Earlier workers have reported adaptation among Acropora downingi, Acropora clathrata, Acropora valenciennesi, Cyphastrea microphthalma, Favia pallida, and Platygyra daedatea to extreme environmental conditions in the southern Gulf [22]. Our results show that the two tested coral species showed a decreased net calcification with no mortalities even at the highest temperature and lower pH, simulating the year 2100 as per IPCC RCP 8.2 in the Gulf. This suggests local adaptation to the extreme environment among these corals in the northern Gulf similar to the southern Gulf corals. Adaptation to increased temperature in the Gulf corals has also been reported [23,24,25], the best growth in southern coral species was reported during the month of April, where the temperature is in the 21–23 °C range. The northern Gulf corals that we tested also showed the highest net calcification at a temperature of 22.5 °C, suggesting similarity within the Gulf coral temperature preference. Acropora species have suffered an extensive loss during the 1996–1998 warming [12] but recovered substantially in a decade [26]. During the 1998 coral bleaching, about 75–95% of the most dominant coral Stylophora at eight sites around Mirba, southern Oman was bleached [27]. The temperature during this event was between 29.5 and 31.5 °C [28] and upwelling conditions prevailed, which would have bought low CO₂ water. However, the experimental results from this study suggest that there was net calcification at all the three tested temperatures from 22.5 to 32.5 °C, even at low pH conditions, suggesting that the northern Gulf corals are probably more resilient to corals outside the Gulf.

Reduced survival and mortality of Lithophyllon repanda were reported as a result of temperature increase [29], whereas others have reported higher tolerance to temperature and ocean acidification in Fungia fungites and Lithophyllon repanda [30] larvae. It is interesting to note that these observations in the different response from different regions may be due to trans-generational exposure of these species to a specific set of environmental conditions.
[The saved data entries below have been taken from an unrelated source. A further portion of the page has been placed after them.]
End independence.

End probability.

Lemma rshift_mxvec_index_neq (K M : nat) (k : 'I_K) (m m2 : 'I_M) :
  m != m2 -> rshift K (mxvec_index k m) != rshift K (mxvec_index k m2).
Proof. by apply: contra => /eqP /rshift_inj /cast_ord_inj /enum_rank_inj [->]. Qed.

Unset Implicit Arguments.

Theorem theorem3p4 (R : realType) (d : measure_display) (T : measurableType d)
  (P : probability T R) (K M : nat)
  (alpha : 'I_(K + K * M) -> {RV P >-> R})
  (Pst : 'I_K -> R) (Gst : 'I_M -> R) :
  (2 <= K)%N -> (0 < M)%N ->
  (forall k, 0 < Pst k) -> (forall m, 0 < Gst m) ->
  (forall i t, 0 <= alpha i t) ->
  continuous (joint_cdf P (fun i => alpha i : T -> R)) ->
  (forall x, differentiable (joint_cdf P (fun i => alpha i : T -> R)) x) ->
  mutually_independent P (fun i => alpha i : T -> R) ->
  {ae P, forall t,
     let h := chan_h (fun i => alpha i : T -> R) t in
     let g := chan_g (fun i => alpha i : T -> R) t in
     ((exists p, is_optimal Pst Gst h g p /\ exists i, single_user i p)
       <-> (exists i m', dtdma_condition Pst Gst h g i m')) /\
     (forall i m', dtdma_condition Pst Gst h g i m' ->
        is_optimal Pst Gst h g (dtdma_power Gst g i m'))}.
Proof.
move=> K_gt1 M_gt0 Pst_gt0 Gst_gt0 alpha_ge0 joint_cont _ indep.
pose gidx (q : 'I_K * 'I_M * 'I_M) (m : 'I_M) := rshift K (mxvec_index q.1.1 m).
have no_tie := ae_neq_scale_family indep alpha_ge0 joint_cont
  (fun q => gidx q q.1.2) (fun q => gidx q q.2) (fun q => divr_gt0 (Gst_gt0 q.2) (Gst_gt0 q.1.2)).
apply: filterS2 (ae_gt0_family indep alpha_ge0 joint_cont) no_tie => t alpha_gt0 {}no_tie /=.
apply: dtdma_optimality => // [k|k m|i m m2 mm2]; rewrite ?alpha_gt0 //.
apply: divr_neq_scale; try by rewrite gt_eqF ?alpha_gt0.
exact: (no_tie (i, m, m2) (rshift_mxvec_index_neq i mm2)).
Qed.
(* For $0\le k\le n$, $$\alpha_{H_n^k}\cong \omega_{n,k}\big\uparrow^{S_n\times S_n}_{(S_k\times S_{n-k})\times(S_k\times S_{n-k})}.$$
   Context: Permutations are composed as functions, and $\pi\in S_n$ is identified with the permutation matrix whose $(i,j)$ entry is $1$ iff $i=\pi(j)$. $U_{n,k}$ is the $n\times n$ $(0,1)$-matrix whose upper left $k\times k$ block is upper triangular with all entries on and above the diagonal equal to $1$, whose upper right $k\times(n-k)$ block has all entries $1$, whose lower left block is zero and whose lower right block is $I_{n-k}$. $H_n^k=\{\pi U_{n,k}\sigma\mid\pi,\sigma\in S_n\}$, and $\alpha_{H_n^k}$ is the complex permutation representation of $S_n\times S_n$ on the space with basis $H_n^k$ given by $(\pi,\sigma)\bullet A=\pi A\sigma^{-1}$. $S_k\times S_{n-k}\le S_n$ is the subgroup of permutations preserving $\{1,\dots,k\}$ (and hence $\{k+1,\dots,n\}$). $W_n^k=\{\pi U_{n,k}\sigma\mid \pi,\sigma\in S_k\times S_{n-k}\}$ is the orbit of $U_{n,k}$ under the restricted action of $(S_k\times S_{n-k})\times(S_k\times S_{n-k})$, and $\omega_{n,k}$ is the corresponding permutation representation of $(S_k\times S_{n-k})\times(S_k\times S_{n-k})$ on the space with basis $W_n^k$. *)

From mathcomp Require Import all_boot all_order all_algebra all_fingroup.
From mathcomp Require Import all_solvable all_field all_character.
Set Implicit Arguments. Unset Strict Implicit. Unset Printing Implicit Defensive.
Import GRing.Theory Num.Theory.
Local Open Scope ring_scope.


Section Defs.
Variable n k : nat.

Definition SS := ('S_n * 'S_n)%type.

Definition pmat (pi : 'S_n) : 'M[int]_n := \matrix_(i, j) ((i == pi j)%:R).

(* U_{n,k} (indices 0..n-1; the first k indices form the upper-left block). *)
Definition Unk : 'M[int]_n :=
  \matrix_(i, j) (if (i < k)%N then (if (j < k)%N then ((i <= j)%N)%:R else 1)
                  else ((i == j))%:R).

Definition act (x : SS) (A : 'M[int]_n) : 'M[int]_n :=
  (pmat x.1 *m A *m pmat (x.2)^-1%g)%R.

(* S_k x S_{n-k} : permutations preserving {0,..,k-1} *)
Definition Ykn : {set 'S_n} :=
  [set s : 'S_n | s @: [set i : 'I_n | (i < k)%N] == [set i : 'I_n | (i < k)%N]].

Definition Hsub : {set SS} := setX Ykn Ykn.

Definition Hnk : seq 'M[int]_n := undup [seq act x Unk | x <- enum [set: SS]].

Definition Wnk : seq 'M[int]_n := undup [seq act x Unk | x <- enum Hsub].
End Defs.

(* Permutation representation on the basis B (row-vector convention, as in
   MathComp's mx_representation): e_i * rep x = e_j where B_j = x . B_i. *)
Definition perm_rep n (B : seq 'M[int]_n) (x : SS n) : 'M[algC]_(size B) :=
  \matrix_(i, j) ((nth 0%R B j == act x (nth 0%R B i))%:R).

Definition transv (gT : finGroupType) (H : {set gT}) : seq gT :=
  enum (transversal (rcosets H [set: gT]) [set: gT]).

Definition ind_rep (gT : finGroupType) (H : {set gT}) d (r : gT -> 'M[algC]_d)
  (x : gT) :=
  let T := transv H in
  (\mxblock_(i < size T, j < size T)
     (let y := (nth 1%g T i * x * (nth 1%g T j)^-1)%g in
      if y \in H then r y else 0 : 'M[algC]_(d, d)))%R.

Definition rep_iso (gT : finGroupType) (G : {set gT}) n1 n2
  (r1 : gT -> 'M[algC]_n1) (r2 : gT -> 'M[algC]_n2) : Prop :=
  n1 = n2 /\ exists B : 'M[algC]_(n1, n2),
    row_free B /\ forall x, x \in G -> (r1 x *m B = B *m r2 x)%R.

From Pilot Require Import Defs.
From mathcomp Require Import all_boot all_order all_algebra all_fingroup.
From mathcomp Require Import all_solvable all_field all_character.
Set Implicit Arguments. Unset Strict Implicit. Unset Printing Implicit Defensive.
Import GRing.Theory Num.Theory.
Local Open Scope ring_scope.

(* H_n^k is the orbit of U = U_{n,k} under G = S_n x S_n and W_n^k its orbit
   under K = (S_k x S_{n-k})^2. The stabiliser of U lies in K: rows of U of
   index >= k contain a single 1 while the others contain at least two, and a
   column of index < k has no 1 outside the first k rows. So if t_1, ..., t_m
   represent the right cosets of K in G, every point of the G-orbit is
   uniquely w . t_j with w in the K-orbit, and the 0/1 matrix of this
   bijection intertwines the permutation representation of G on H_n^k with
   the block matrices of the representation induced from W_n^k. *)

Lemma sum_nth_eq (T : eqType) (R : pzSemiRingType) (x0 t : T) (s : seq T)
    (f : T -> R) :
  uniq s -> t \in s ->
  \sum_(i < size s) (nth x0 s i == t)%:R * f (nth x0 s i) = f t.
Proof.
move=> s_uniq st; pose i0 := Ordinal (etrans (index_mem t s) st).
have nth_i0 : nth x0 s i0 = t by rewrite nth_index.
rewrite (bigD1 i0) //= nth_i0 eqxx mul1r big1 ?addr0 // => i ne_i_i0.
by rewrite -nth_i0 nth_uniq // val_eqE (negbTE ne_i_i0) mul0r.
Qed.

Section OrbitSeq.
Variables (gT : finGroupType) (T : eqType) (to : T -> gT -> T).
Hypotheses (to1 : forall t, to t 1%g = t)
           (toM : forall t x y, to t (x * y)%g = to (to t x) y).

Lemma toK x : cancel (to^~ x) (to^~ x^-1%g).
Proof. by move=> t; rewrite -toM mulgV to1. Qed.

Lemma to_inj x : injective (to^~ x).
Proof. exact: can_inj (toK x). Qed.

Lemma eq_toV t s x : (t == to s x) = (to t x^-1 == s).
Proof. by rewrite -(inj_eq (@to_inj x^-1)) toK. Qed.

Definition orbit_seq (A : {set gT}) u := undup [seq to u x | x <- enum A].

Lemma orbit_seq_uniq (A : {set gT}) u : uniq (orbit_seq A u).
Proof. exact: undup_uniq. Qed.

Lemma orbit_seqP (A : {set gT}) u t :
  reflect (exists2 g, g \in A & t = to u g) (t \in orbit_seq A u).
Proof.
rewrite mem_undup; apply: (iffP mapP) => [[g Ag ->]|[g Ag ->]].
  by exists g; rewrite // -mem_enum.
by exists g; rewrite // mem_enum.
Qed.

Lemma orbit_seq_to (G : {group gT}) u t x :
  t \in orbit_seq G u -> x \in G -> to t x \in orbit_seq G u.
Proof.
case/orbit_seqP=> g Gg -> Gx.
by apply/orbit_seqP; exists (g * x)%g; rewrite ?groupM ?toM.
Qed.

Lemma orbit_seqS (A B : {set gT}) u :
  A \subset B -> {subset orbit_seq A u <= orbit_seq B u}.
Proof.
move=> sAB t /orbit_seqP[g Ag ->].
by apply/orbit_seqP; exists g; rewrite ?(subsetP sAB).
Qed.

Definition seq_rep d (B : seq T) (x : gT) : 'M[algC]_(size B) :=
  \matrix_(i, j) ((nth d B j == to (nth d B i) x)%:R).

End OrbitSeq.

Section Transversal.
Variables (gT : finGroupType) (H : {group gT}).
Local Notation m := (size (transv H)).
Local Notation t_ j := (nth 1%g (transv H) j).
Local Notation X := (transversal (rcosets H [set: gT]) [set: gT]).

Lemma transv_meet_rcoset g : exists t, X :&: (H :* g)%g = [set t].
Proof.
have := transversalP (rcosets_partition (subsetT H)).
case/and3P=> _ _ /forall_inP X1.
by apply/cards1P/X1/rcosetsP; exists g.
Qed.

Lemma transv_rcoset_ex g : exists j : 'I_m, g \in (H :* t_ j)%g.
Proof.
have [t Xg] := transv_meet_rcoset g.
have /setIP[Xt tHg] : t \in X :&: (H :* g)%g by rewrite Xg set11.
have tX : t \in transv H by rewrite mem_enum.
by exists (Ordinal (etrans (index_mem t _) tX)); rewrite /= nth_index // rcoset_sym.
Qed.

Lemma transv_rcoset_inj (i j : 'I_m) : t_ i \in (H :* t_ j)%g -> i = j.
Proof.
move=> Hij; have [t Xj] := transv_meet_rcoset (t_ j).
have Xt (l : 'I_m) : t_ l \in X by rewrite -mem_enum mem_nth.
have : t_ i \in X :&: (H :* t_ j)%g by rewrite inE Xt.
have : t_ j \in X :&: (H :* t_ j)%g by rewrite inE Xt rcoset_refl.
rewrite Xj !inE => /eqP ej /eqP ei; apply/val_inj/eqP.
by rewrite -(nth_uniq 1%g (ltn_ord i) (ltn_ord j)) ?enum_uniq // ei ej.
Qed.

Lemma transv_block_unique x (l : 'I_m) :
  exists j0 : 'I_m, forall j : 'I_m, (t_ j * x * (t_ l)^-1 \in H)%g = (j == j0).
Proof.
have [j0 lj0] := transv_rcoset_ex (t_ l * x^-1)%g.
have rcoset_j0 (j : 'I_m) :
    (t_ j * x * (t_ l)^-1 \in H)%g = (t_ j \in (H :* t_ j0)%g).
  by rewrite -(rcoset_eqP lj0) mem_rcoset !invMg invgK mulgA.
exists j0 => j; rewrite rcoset_j0; apply/idP/eqP => [|->]; last exact: rcoset_refl.
exact: transv_rcoset_inj.
Qed.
The northern Gulf coral species that have been tested in this experiment also suggest resilience at higher temperatures and lower pH, probably due to their long exposure to the extreme temperature and fluctuating pH in coastal waters. However, additional work is needed to understand acclimation and adaptation in this population. Most of the experimental work carried out thus far have researched short term exposure and longer-term experiments are needed to capture acclimation and transgenerational effects.